- A 20-year-old woman suffered a heart attack after trying a TikTok trend.
- The trend involves consuming a scoop of dry, caffeinated, pre-workout supplement powder.
- Research reveals that powdered caffeine is equivalent to almost 50 cups of coffee.
A 20-year-old woman said she suffered a heart attack after attempting to do “dry scooping”, a TikTok trend where people eat a scoop of dry, caffeinated, pre-workout supplement powder.
In April, Briatney Portillo uploaded a series of videos on her TikTok account to warn people about the trend.
According to the videos posted by Portillo, she swallowed the supplement before her workout, then started having chest pain and a heavy sensation right while working out.
She then started feeling nauseous, fatigued, and was intensely sweating, which she initially thought of as anxiety.
Portillo called 911 and had to stay in the hospital because the pain worsened and radiated to her back, and she also had numbness in the left side of her body.
Pre-workout supplements contain large doses of caffeine and compounds such as B-vitamins, creatine, and beta-alanine to enhance performance. Most of these supplements are to be mixed with water so the ingredients are diluted.
Caffeine can be toxic in huge doses
In one of her videos, Portillo said she had mixed the pre-workout with water, but her caffeine sensitivity may have caused the side effects.

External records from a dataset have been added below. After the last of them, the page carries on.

Lemma alpha_le_card_mul k (M : R) : 0 <= M ->
  (forall kk : 'I_(ndeg d) -> nat, (forall i, tcount d B i <= kk i <= acount d i)%N ->
     (\sum_i kk i)%N = k -> a_coef R d B kk <= M) ->
  alpha R d B k <= (n.+1 ^ ndeg d)%:R * M.
Proof.
move=> M_ge0 a_coef_le; rewrite /alpha big_mkcond /=.
apply: (@le_trans _ _ (\sum_(kk : {ffun 'I_(ndeg d) -> 'I_n.+1}) M)).
  apply: ler_sum => kk _.
  by case: ifP => // /andP[/forallP kk_bounds /eqP]; apply: a_coef_le.
by rewrite sumr_const card_ffun !card_ord -[M *+ _]mulr_natl.
Qed.
End RandomGraph.

Theorem lemma16 (R : realType) (dmin dmax : nat) :
  (2 <= dmin)%N -> (dmin <= dmax)%N ->
  exists N : nat, forall n : nat, (N <= n)%N ->
  forall (d : 'I_n -> nat) (B : {set 'I_n}),
    (forall v, (dmin <= d v <= dmax)%N) ->
  forall k : nat, (#|B| <= k)%N -> (dmax.+1 < n - k)%N ->
    (n - k)%:R <= n%:R / (expR 1 ^+ 2) :> R ->
    (forall kk : 'I_(ndeg d) -> nat,
       (forall i, (tcount d B i <= kk i <= acount d i)%N) ->
       (\sum_i kk i)%N = k ->
       a_coef R d B kk < (n%:R ^+ (2 + ndeg d))^-1)
    /\ alpha R d B k <= (n%:R ^+ 2)^-1.
Proof.
move=> dmin_ge2 dmin_le_dmax; set C := (dmax.+2 ^ (2 * dmax.+2))%N.
exists (2 ^ dmax.+2 * C).+1 => n n_large d B d_bounds k _ gap_gt gap_le.
have d_in v : (2 <= d v <= dmax)%N by have := d_bounds v; lia.
have ndeg_lt : ((ndeg d).+2 < dmax.+2)%N by have := ndeg_leq d_in; lia.
have C_lt_n : (C < n)%N by apply: leq_ltn_trans n_large; rewrite leq_pmull ?expn_gt0.
have nR_gt0 : 0 < n%:R :> R by rewrite ltr0n (leq_ltn_trans _ C_lt_n).
have gap_le' : expR 1 ^+ 2 * (n - k)%:R <= n%:R :> R.
  by rewrite mulrC -ler_pdivlMr ?exprn_gt0 ?expR_gt0.
have a_coef_le := a_coef_le_expn (B := B) d_in gap_gt gap_le'.
split=> [kk kk_bounds sum_kk|].
  apply: le_lt_trans (a_coef_le kk kk_bounds sum_kk) _.
  rewrite ltr_pdivrMr ?exprn_gt0 // mulrC ltr_pdivlMr ?exprn_gt0 //.
  by rewrite -!natrX -natrM ltr_nat ltn_mul_expn.
apply: le_trans (alpha_le_card_mul _ a_coef_le) _; first by rewrite divr_ge0 ?exprn_ge0.
rewrite mulrA ler_pdivrMr ?exprn_gt0 // [_^-1 * _]mulrC ler_pdivlMr ?exprn_gt0 //.
by rewrite -!natrX -!natrM ler_nat succn_expn_mul_le.
Qed.
(* Let $c_1,\dots,c_k\in(0,\infty)$ be fixed constants. With probability one, there exists a tuning parameter $\lambda\in(0,\infty)^k$ such that $$\frac{\lambda}{2g'(\|Y-X\hat\beta^\lambda\|_2^2)}=\Big(c_1\|(XP_1M_1^{+})^\top\varepsilon\|_{q_1}^*,\dots,c_k\|(XP_kM_k^{+})^\top\varepsilon\|_{q_k}^*\Big)^\top.$$
   Context: Standing setup. Model: $Y=X\beta^*+\varepsilon$ with $Y\in\mathbb{R}^n$, $X\in\mathbb{R}^{n\times p}$, $\beta^*\in\mathbb{R}^p$, $\varepsilon\in\mathbb{R}^n$ (random; no distributional assumptions beyond those below). Link function $g:\mathbb{R}\to[0,\infty)$ with $g(0)=0$, $g$ continuous and strictly increasing on $[0,\infty)$, continuously differentiable on $(0,\infty)$ with strictly positive and non-increasing derivative $g'$, and such that $\alpha\mapsto g(\|\alpha\|_2^2)$ is strictly convex on $\mathbb{R}^n$. Penalty: $k\ge1$, matrices $M_1,\dots,M_k\in\mathbb{R}^{p\times p}$ with $\bigcap_{j=1}^k\mathrm{Ker}(M_j)=\{0\}$, exponents $q_j\ge1$, $\|\cdot\|_{q_j}$ the $\ell_{q_j}$-norm on $\mathbb{R}^p$, and $\|\cdot\|_{q_j}^*$ its dual norm. For $\lambda\in(0,\infty)^k$, $\hat\beta^\lambda$ denotes any element of $\arg\min_{\beta\in\mathbb{R}^p}\{g(\|Y-X\beta\|_2^2)+\sum_{j=1}^k\lambda_j\|M_j\beta\|_{q_j}\}$ (the quantity $\|Y-X\hat\beta^\lambda\|_2^2$ does not depend on which minimizer is chosen). $A^+$ denotes the Moore–Penrose pseudoinverse; $P_1,\dots,P_k\in\mathbb{R}^{p\times p}$ are fixed projection matrices with $\sum_{j=1}^kP_jM_j^+M_j=I_{p\times p}$. Noise assumption: with probability one, $Y\neq0$ and $\min_{j}\|(XP_jM_j^{+})^\top\varepsilon\|_{q_j}^*>0$. *)

(* classical reals. Vectors in R^n are functions nat -> R of which
   only the indices < n matter; matrices are functions nat -> nat -> R. *)
From Stdlib Require Import Reals Lra Lia ClassicalEpsilon.
Open Scope R_scope.

Definition vec := nat -> R.
Definition mat := nat -> nat -> R.

Fixpoint rsum (n : nat) (f : nat -> R) : R :=
  match n with O => 0 | S m => rsum m f + f m end.

Definition mv (n : nat) (A : mat) (x : vec) : vec :=
  fun i => rsum n (fun j => A i j * x j).
Definition mm (n : nat) (A B : mat) : mat :=
  fun i j => rsum n (fun l => A i l * B l j).
Definition tr (A : mat) : mat := fun i j => A j i.
Definition idm : mat := fun i j => if Nat.eqb i j then 1 else 0.

Definition mat_eq (m n : nat) (A B : mat) : Prop :=
  forall i j, (i < m)%nat -> (j < n)%nat -> A i j = B i j.

Definition dot (n : nat) (x y : vec) : R := rsum n (fun i => x i * y i).
Definition sqnorm2 (n : nat) (x : vec) : R := dot n x x.

Definition powr (x q : R) : R := if Rlt_dec 0 x then Rpower x q else 0.

Definition lqnorm (n : nat) (q : R) (x : vec) : R :=
  powr (rsum n (fun i => powr (Rabs (x i)) q)) (/ q).

Definition dualnorm (n : nat) (q : R) (v : vec) : R :=
  epsilon (inhabits 0)
    (fun d => is_lub (fun t => exists x : vec, lqnorm n q x <= 1 /\ t = dot n v x) d).

Definition is_pinv (m n : nat) (A Ap : mat) : Prop :=
  mat_eq m n (mm m (mm n A Ap) A) A /\
  mat_eq n m (mm n (mm m Ap A) Ap) Ap /\
  mat_eq m m (tr (mm n A Ap)) (mm n A Ap) /\
  mat_eq n n (tr (mm m Ap A)) (mm m Ap A).

Definition msum (k : nat) (F : nat -> mat) : mat :=
  fun i j => rsum k (fun l => F l i j).

Definition resid (n p : nat) (X : mat) (Y b : vec) : R :=
  sqnorm2 n (fun i => Y i - mv p X b i).

Definition objective (n p k : nat) (g : R -> R) (X : mat) (Y : vec)
  (M : nat -> mat) (q : nat -> R) (lam : vec) (b : vec) : R :=
  g (resid n p X Y b) + rsum k (fun j => lam j * lqnorm p (q j) (mv p (M j) b)).

Definition is_minimizer (n p k : nat) (g : R -> R) (X : mat) (Y : vec)
  (M : nat -> mat) (q : nat -> R) (lam : vec) (b : vec) : Prop :=
  forall b' : vec, objective n p k g X Y M q lam b <= objective n p k g X Y M q lam b'.

From Stdlib Require Import Reals Lra Lia Classical ClassicalEpsilon FunctionalExtensionality.
From Coquelicot Require Import Coquelicot Compactness.
Open Scope R_scope.

(* Put a_j := c_j ||(X P_j M_j^+)^T eps||_{q_j}^*, which is positive by the noise assumption.
   The convex function b |-> ||Y - X b||^2 / 2 + sum_j a_j ||M_j b||_{q_j} is continuous and,
   since sum_j P_j M_j^+ M_j = I, coercive; so it has a minimiser b*, whose residual R0 is
   positive because Y <> 0.  The first-order condition at b* together with the convexity of
   b |-> g(||Y - X b||^2) shows that b* also minimises the objective with tuning parameter
   lam := 2 g'(R0) a.  Strict convexity of alpha |-> g(||alpha||^2) makes the residual vector
   the same for every minimiser, so every minimiser has residual R0 and lam / (2 g'(R0)) = a. *)

Lemma rsum_ext n f g : (forall i, (i < n)%nat -> f i = g i) -> rsum n f = rsum n g.
Proof.
  induction n as [|n IH]; intros H; simpl; [reflexivity|].
  rewrite IH by (intros; apply H; lia). now rewrite H by lia.
Qed.

Lemma rsum_plus n f g : rsum n (fun i => f i + g i) = rsum n f + rsum n g.
Proof. induction n as [|n IH]; simpl; [lra|]. rewrite IH; ring. Qed.

Lemma rsum_scal n c f : rsum n (fun i => c * f i) = c * rsum n f.
Proof. induction n as [|n IH]; simpl; [ring|]. rewrite IH; ring. Qed.

Lemma rsum_le n f g : (forall i, (i < n)%nat -> f i <= g i) -> rsum n f <= rsum n g.
Proof.
  induction n as [|n IH]; intros H; simpl; [lra|].
  apply Rplus_le_compat; [apply IH; intros; apply H|apply H]; lia.
Qed.

Lemma rsum_eq0 n f : (forall i, (i < n)%nat -> f i = 0) -> rsum n f = 0.
Proof.
  intros H. transitivity (rsum n (fun _ => 0)); [now apply rsum_ext|]. clear H.
  induction n as [|n IH]; simpl; [reflexivity|]. rewrite IH; ring.
Qed.

Lemma rsum_nonneg n f : (forall i, (i < n)%nat -> 0 <= f i) -> 0 <= rsum n f.
Proof. intros H. rewrite <- (rsum_eq0 n (fun _ => 0)) by auto. now apply rsum_le. Qed.

Lemma rsum_ge_term n f l : (forall i, (i < n)%nat -> 0 <= f i) -> (l < n)%nat -> f l <= rsum n f.
Proof.
  induction n as [|n IH]; intros H Hl; simpl; [lia|].
  assert (0 <= rsum n f) by (apply rsum_nonneg; intros; apply H; lia).
  destruct (Nat.eq_dec l n) as [->|Hne]; [lra|].
  assert (f l <= rsum n f) by (apply IH; [intros; apply H|]; lia).
  assert (0 <= f n) by (apply H; lia). lra.
Qed.

Lemma Rabs_rsum_le n f : Rabs (rsum n f) <= rsum n (fun i => Rabs (f i)).
Proof.
  induction n as [|n IH]; simpl; [rewrite Rabs_R0; lra|].
  eapply Rle_trans; [apply Rabs_triang|lra].
Qed.

Lemma rsum_comm n m (f : nat -> nat -> R) :
  rsum n (fun i => rsum m (f i)) = rsum m (fun j => rsum n (fun i => f i j)).
Proof.
  induction n as [|n IH]; simpl; [symmetry; now apply rsum_eq0|].
  now rewrite IH, <- rsum_plus.
Qed.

The supplement she took has 320 milligrams of caffeine, which is equivalent to three cups of coffee. Studies recommend limiting caffeine intake to up to 400 mg of caffeine or five cups of coffee a day.

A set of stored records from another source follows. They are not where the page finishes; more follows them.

(* Let $(\mathbf k((G)),l)$ be a series field with prelogarithmic section, $\psi$ a morphism from $(\mathbf k((G)),l)$ to itself and $H$ a subgroup of $G$ such that $(\mathrm{Comp}_H)$: $\psi(h)=l(h)$ for every $h\in H$ with $l(h)\in G$. Then for every $h\in H$ with $l(h)\in G$ and every $k\in\mathbf k$: (1) $\psi^{EL}(\mathrm{Exp}(k\cdot h))=\mathrm{Exp}(k\cdot\mathrm{Log}(h))$; (2) if $\psi^{EL}$ is surjective, then $(\psi^{EL})^{-1}(\mathrm{Exp}(k\cdot\mathrm{Log}(h)))\in H\cdot\mathrm{Exp}\,\mathbf k((H^{>1}))$.
   Context: Let $\mathbf k$ be an ordered field with an order-preserving group isomorphism $\log:(\mathbf k^{>0},\cdot)\to(\mathbf k,+)$, and $(G,\cdot,<)$ a totally ordered abelian group (written multiplicatively). $\mathbf k((G))$ denotes the field of generalized power series $\alpha=\sum_{g\in G}\alpha(g)\,g$ ($\alpha(g)\in\mathbf k$) with anti-well-ordered support, usual operations, canonical valuation $v(\alpha)=\max\operatorname{supp}\alpha$ and ordering $\alpha>0$ iff $\alpha(v(\alpha))>0$; $\mathbf k$, $G$ are identified with subsets of $\mathbf k((G))$ (so ''$l(h)\in G$'' means $l(h)$ is a monomial with coefficient $1$). For $S\subseteq G$, $\mathbf k((S))=\{\alpha:\operatorname{supp}\alpha\subseteq S\}$; $H^{>1}=\{h\in H:h>1\}$. A prelogarithmic section is an order-preserving group embedding $l:(G,\cdot)\to(\mathbf k((G^{>1})),+)$. Exponential extension: $G^\#$ is the ordered abelian group of formal symbols $e(\alpha)$, $\alpha\in\mathbf k((G^{>1}))$, with $e(\alpha)e(\beta)=e(\alpha+\beta)$, $e(\alpha)<e(\beta)\iff\alpha<\beta$, and $e(l(g))$ identified with $g\in G$; $l^\#(e(\alpha))=\alpha$ is a prelogarithmic section of $\mathbf k((G^\#))$ extending $l$. Iterating gives $G^{\#n}$, $l^{\#n}$; the EL-series field $\mathbf k((G))^{EL}=\bigcup_n\mathbf k((G^{\#n}))$ carries the logarithm $\mathrm{Log}$ (union of the associated prelogarithms $L(g\,a(1+\varepsilon))=l(g)+\log a+\sum_{i\ge1}(-1)^{i-1}\varepsilon^i/i$), a bijection from positive elements onto the field, and $\mathrm{Exp}=\mathrm{Log}^{-1}$. An order-preserving group embedding $\psi:G\to G$, extended to $\mathbf k((G))$ by $\psi(\sum a_gg)=\sum a_g\psi(g)$, is a morphism of $(\mathbf k((G)),l)$ to itself if $\psi\circ l=l\circ\psi$ on $G$; it induces $\psi^\#=(l^\#)^{-1}\circ\psi\circ l^\#$ on $G^\#$, iterates $\psi^{\#n}$, and $\psi^{EL}=\bigcup_n\psi^{\#n}$. *)

From HB Require Import structures.
From mathcomp Require Import all_boot all_order all_algebra.
From Stdlib Require Import Classical ClassicalEpsilon.
From Stdlib Require List.
Unset Printing Implicit Defensive.
Import Order.TTheory GRing.Theory Num.Theory.
Local Open Scope ring_scope.

Record oagroup := OAGroup {
  ocar :> Type;
  omul : ocar -> ocar -> ocar;
  oone : ocar;
  oinv : ocar -> ocar;
  olt : ocar -> ocar -> Prop;
  omulA : forall x y z, omul x (omul y z) = omul (omul x y) z;
  omulC : forall x y, omul x y = omul y x;
  omul1 : forall x, omul oone x = x;
  omulV : forall x, omul (oinv x) x = oone;
  olt_irr : forall x, ~ olt x x;
  olt_trans : forall x y z, olt x y -> olt y z -> olt x z;
  olt_total : forall x y, olt x y \/ x = y \/ olt y x;
  olt_mul : forall x y z, olt x y -> olt (omul x z) (omul y z)
}.

(* Generic (raw) generalized power series over a monomial type T,
   i.e. functions T -> k; the conditions of being a series are predicates. *)

Definition supp (k : realFieldType) (T : Type) (a : T -> k) (x : T) : Prop := a x <> 0.

Definition antiwo (T : Type) (lt : T -> T -> Prop) (S : T -> Prop) : Prop :=
  forall X : T -> Prop, (forall x, X x -> S x) -> (exists x, X x) ->
  exists m, X m /\ forall x, X x -> x = m \/ lt x m.

Definition series_in (k : realFieldType) (T : Type) (lt : T -> T -> Prop)
  (S : T -> Prop) (a : T -> k) : Prop :=
  antiwo T lt (supp k T a) /\ forall x, a x <> 0 -> S x.

Definition spos (k : realFieldType) (T : Type) (lt : T -> T -> Prop) (a : T -> k) : Prop :=
  exists g, 0 < a g /\ forall x, lt g x -> a x = 0.

Definition mono (k : realFieldType) (T : Type) (g : T) : T -> k :=
  fun x => if excluded_middle_informative (x = g) then 1 else 0.

(* sum of w over a (Prop-defined) set D, when D is finite; 0 otherwise *)
Definition fsum (k : realFieldType) (A : Type) (D : A -> Prop) (w : A -> k) : k :=
  match excluded_middle_informative
          (exists s : seq A, List.NoDup s /\ forall a, List.In a s <-> D a) with
  | left H => \sum_(a <- proj1_sig (constructive_indefinite_description _ H)) w a
  | right _ => 0
  end.

Definition smul (k : realFieldType) (T : Type) (mul : T -> T -> T) (a b : T -> k) : T -> k :=
  fun g => fsum k (T * T) (fun p : T * T => mul p.1 p.2 = g /\ a p.1 <> 0 /\ b p.2 <> 0)
                (fun p => a p.1 * b p.2).

Fixpoint spow (k : realFieldType) (T : Type) (mul : T -> T -> T) (one : T)
  (a : T -> k) (i : nat) : T -> k :=
  match i with
  | 0 => mono k T one
  | i'.+1 => smul k T mul a (spow k T mul one a i')
  end.

Definition ssum (k : realFieldType) (T : Type) (f : nat -> T -> k) : T -> k :=
  fun g => fsum k nat (fun i => f i g <> 0) (fun i => f i g).

(* image of a series under a map of monomials: sum a_g g |-> sum a_g f(g)
   (f injective in all uses) *)
Definition push (k : realFieldType) (A B : Type) (f : A -> B) (a : A -> k) : B -> k :=
  fun b => match excluded_middle_informative (exists y, f y = b) with
           | left H => a (proj1_sig (constructive_indefinite_description _ H))
           | right _ => 0
           end.

(* leading monomial v(a) (max of support); junk value [one] if none *)
Definition lead (k : realFieldType) (T : Type) (lt : T -> T -> Prop) (one : T) (a : T -> k) : T :=
  match excluded_middle_informative
          (exists g, a g <> 0 /\ forall x, lt g x -> a x = 0) with
  | left H => proj1_sig (constructive_indefinite_description _ H)
  | right _ => one
  end.

(* The logarithm associated to a prelogarithmic section lT:
   L(g a (1+eps)) = lT(g) + log a + sum_{i>=1} (-1)^(i-1) eps^i / i *)
Definition slog (k : realFieldType) (logk : k -> k) (T : Type)
  (lt : T -> T -> Prop) (mul : T -> T -> T) (one : T) (lT : T -> T -> k)
  (a : T -> k) : T -> k :=
  let g := lead k T lt one a in
  let c := a g in
  let eps : T -> k := fun x =>
      if excluded_middle_informative (x = one) then 0 else a (mul g x) / c in
  fun x => lT g x + logk c * mono k T one x
           + ssum k T (fun i y => ((-1) ^+ i / i.+1%:R) * spow k T mul one eps i.+1 y) x.

(* G^{#(n+1)} is the set of symbols e(alpha),
   alpha in k((G^{#n >1})); we represent e(alpha) by alpha itself, so the
   carrier of level n+1 is (raw) Tn n -> k.  The identification of g in G^{#n}
   with e(l^{#n}(g)) is the embedding l^{#n} : Tn n -> Tn n.+1.              *)

Fixpoint Tn (k : realFieldType) (G : oagroup) (n : nat) : Type :=
  match n with 0 => ocar G | m.+1 => Tn k G m -> k end.

Fixpoint lt_n (k : realFieldType) (G : oagroup) (n : nat) : Tn k G n -> Tn k G n -> Prop :=
  match n return Tn k G n -> Tn k G n -> Prop with
  | 0 => @olt G
  | m.+1 => fun a b => spos k (Tn k G m) (lt_n k G m) (fun x => b x - a x)
  end.

Fixpoint mul_n (k : realFieldType) (G : oagroup) (n : nat) : Tn k G n -> Tn k G n -> Tn k G n :=
  match n return Tn k G n -> Tn k G n -> Tn k G n with
  | 0 => @omul G
  | m.+1 => fun a b x => a x + b x
  end.

Fixpoint one_n (k : realFieldType) (G : oagroup) (n : nat) : Tn k G n :=
  match n return Tn k G n with
  | 0 => oone G
  | m.+1 => fun _ => 0
  end.

Fixpoint l_n (k : realFieldType) (G : oagroup) (l : G -> G -> k) (n : nat)
  : Tn k G n -> Tn k G n -> k :=
  match n return Tn k G n -> Tn k G n -> k with
  | 0 => l
  | m.+1 => fun a => push k (Tn k G m) (Tn k G m.+1) (l_n k G l m) a
  end.

(* psi^{#n} = (l^#)^{-1} o psi^{#(n-1)} o l^# *)
Fixpoint psi_n (k : realFieldType) (G : oagroup) (psi : G -> G) (n : nat)
  : Tn k G n -> Tn k G n :=
  match n return Tn k G n -> Tn k G n with
  | 0 => psi
  | m.+1 => fun a => push k (Tn k G m) (Tn k G m) (psi_n k G psi m) a
  end.

Fixpoint validT (k : realFieldType) (G : oagroup) (n : nat) : Tn k G n -> Prop :=
  match n return Tn k G n -> Prop with
  | 0 => fun _ => True
  | m.+1 => fun a => series_in k (Tn k G m) (lt_n k G m)
                        (fun x => validT k G m x /\ lt_n k G m (one_n k G m) x) a
  end.

(* EL-series: elements of k((G^{#n})) for some n, up to the embeddings. *)

Definition EL (k : realFieldType) (G : oagroup) := {n : nat & Tn k G n -> k}.

Fixpoint liftup (k : realFieldType) (G : oagroup) (l : G -> G -> k) (n j : nat)
  : (Tn k G n -> k) -> (Tn k G (j + n)%N -> k) :=
  match j return (Tn k G n -> k) -> (Tn k G (j + n)%N -> k) with
  | 0 => fun a => a
  | j'.+1 => fun a => push k (Tn k G (j' + n)%N) (Tn k G (j' + n).+1) (l_n k G l (j' + n)%N) (liftup k G l n j' a)
  end.

Definition liftto (k : realFieldType) (G : oagroup) (l : G -> G -> k) (n m : nat)
  (a : Tn k G n -> k) : Tn k G m -> k :=
  match (n <= m)%N as b return (n <= m)%N = b -> Tn k G m -> k with
  | true => fun H => eq_rect _ (fun p => Tn k G p -> k) (liftup k G l n (m - n)%N a) m (subnK H)
  | false => fun _ _ => 0
  end (erefl _).

Definition ELeq (k : realFieldType) (G : oagroup) (l : G -> G -> k) (x y : EL k G) : Prop :=
  exists m, (projT1 x <= m)%N /\ (projT1 y <= m)%N /\
    forall t, liftto k G l (projT1 x) m (projT2 x) t = liftto k G l (projT1 y) m (projT2 y) t.

Definition ELvalid (k : realFieldType) (G : oagroup) (x : EL k G) : Prop :=
  series_in k (Tn k G (projT1 x)) (lt_n k G (projT1 x)) (validT k G (projT1 x)) (projT2 x).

However, powdered caffeine is much more concentrated. For some supplements, a few teaspoons are equivalent to over 50 cups of coffee. Excessive caffeine intake can cause harmful side effects and may even be fatal.

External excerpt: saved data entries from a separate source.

Inductive instr :=
| IConst (d c : Z)
| IBin (o : binop) (d a b : Z)
| ILog (d a : Z)                (* M[d] := floor(log2 M[a])  (0 if M[a] <= 0) *)
| ILoad (d a : Z)
| IStore (a s : Z)
| IJlt (a b : Z) (l : nat)
| IJmp (l : nat)
| IHalt.

Definition program := list instr.
Definition memory := Z -> Z.
Definition config : Type := (nat * memory)%type.

Definition upd (M : memory) (a v : Z) : memory :=
  fun x => if Z.eqb x a then v else M x.

Definition fetch (P : program) (pc : nat) : instr := nth pc P IHalt.

Definition step (P : program) (c : config) : config :=
  let (pc, M) := c in
  match fetch P pc with
  | IConst d v => (S pc, upd M d v)
  | IBin o d a b => (S pc, upd M d (eval_binop o (M a) (M b)))
  | ILog d a => (S pc, upd M d (Z.log2 (M a)))
  | ILoad d a => (S pc, upd M d (M (M a)))
  | IStore a s => (S pc, upd M (M a) (M s))
  | IJlt a b l => if Z.ltb (M a) (M b) then (l, M) else (S pc, M)
  | IJmp l => (l, M)
  | IHalt => (pc, M)
  end.

Definition halted (P : program) (c : config) : Prop := fetch P (fst c) = IHalt.

Definition run (P : program) (k : nat) (M : memory) : config :=
  Nat.iter k (step P) (0%nat, M).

Caffeine overdose can cause nausea, heart palpitations, vomiting, headache, fever, confusion, seizures, kidney failures, and heart problems. Research reveals that caffeine overdose accounts for at least 92 deaths in the past fifty years.
Consuming concentrated caffeine forms can increase the risk
The body’s absorption of caffeine in beverages like coffee or tea takes time. But according to research, when caffeine is consumed directly in powdered or aerosol form, the mouth’s membrane can absorb the caffeine much more quickly, intensifying the effects.
Taking birth control pills may also increase the effects of caffeine absorption.